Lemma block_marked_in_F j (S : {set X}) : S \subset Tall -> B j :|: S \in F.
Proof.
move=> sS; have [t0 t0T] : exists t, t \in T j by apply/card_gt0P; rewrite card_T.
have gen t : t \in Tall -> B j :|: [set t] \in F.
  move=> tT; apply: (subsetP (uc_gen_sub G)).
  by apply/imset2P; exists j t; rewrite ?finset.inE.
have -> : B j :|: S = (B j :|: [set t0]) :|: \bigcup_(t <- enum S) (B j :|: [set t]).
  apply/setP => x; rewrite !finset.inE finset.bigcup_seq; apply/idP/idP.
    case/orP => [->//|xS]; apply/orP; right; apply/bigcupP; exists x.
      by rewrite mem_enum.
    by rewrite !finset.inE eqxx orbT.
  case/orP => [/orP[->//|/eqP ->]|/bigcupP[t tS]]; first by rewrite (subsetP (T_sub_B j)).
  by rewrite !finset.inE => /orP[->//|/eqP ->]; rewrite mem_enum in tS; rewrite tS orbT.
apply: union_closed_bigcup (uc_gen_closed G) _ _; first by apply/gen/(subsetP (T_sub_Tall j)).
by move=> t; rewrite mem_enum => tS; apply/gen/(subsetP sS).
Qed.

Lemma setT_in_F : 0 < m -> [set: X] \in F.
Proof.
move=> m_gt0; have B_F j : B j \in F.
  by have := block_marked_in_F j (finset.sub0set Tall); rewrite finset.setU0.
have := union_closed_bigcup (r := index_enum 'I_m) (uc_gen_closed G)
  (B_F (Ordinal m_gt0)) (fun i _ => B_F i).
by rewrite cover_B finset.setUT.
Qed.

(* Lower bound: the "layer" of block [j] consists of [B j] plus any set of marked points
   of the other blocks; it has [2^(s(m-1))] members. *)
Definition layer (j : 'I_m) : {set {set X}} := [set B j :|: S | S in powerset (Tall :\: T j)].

- [Activity] What is needed is a word-for-word restatement of every line from the one with "have gen t : t" to the end of the entries above.

- [Answer to this problem]
have gen t : t \in Tall -> B j :|: [set t] \in F.
  move=> tT; apply: (subsetP (uc_gen_sub G)).
  by apply/imset2P; exists j t; rewrite ?finset.inE.
have -> : B j :|: S = (B j :|: [set t0]) :|: \bigcup_(t <- enum S) (B j :|: [set t]).
  apply/setP => x; rewrite !finset.inE finset.bigcup_seq; apply/idP/idP.
    case/orP => [->//|xS]; apply/orP; right; apply/bigcupP; exists x.
      by rewrite mem_enum.
    by rewrite !finset.inE eqxx orbT.
  case/orP => [/orP[->//|/eqP ->]|/bigcupP[t tS]]; first by rewrite (subsetP (T_sub_B j)).
  by rewrite !finset.inE => /orP[->//|/eqP ->]; rewrite mem_enum in tS; rewrite tS orbT.
apply: union_closed_bigcup (uc_gen_closed G) _ _; first by apply/gen/(subsetP (T_sub_Tall j)).
by move=> t; rewrite mem_enum => tS; apply/gen/(subsetP sS).
Qed.

Lemma setT_in_F : 0 < m -> [set: X] \in F.
Proof.
move=> m_gt0; have B_F j : B j \in F.
  by have := block_marked_in_F j (finset.sub0set Tall); rewrite finset.setU0.
have := union_closed_bigcup (r := index_enum 'I_m) (uc_gen_closed G)
  (B_F (Ordinal m_gt0)) (fun i _ => B_F i).
by rewrite cover_B finset.setUT.
Qed.

(* Lower bound: the "layer" of block [j] consists of [B j] plus any set of marked points
   of the other blocks; it has [2^(s(m-1))] members. *)
Definition layer (j : 'I_m) : {set {set X}} := [set B j :|: S | S in powerset (Tall :\: T j)].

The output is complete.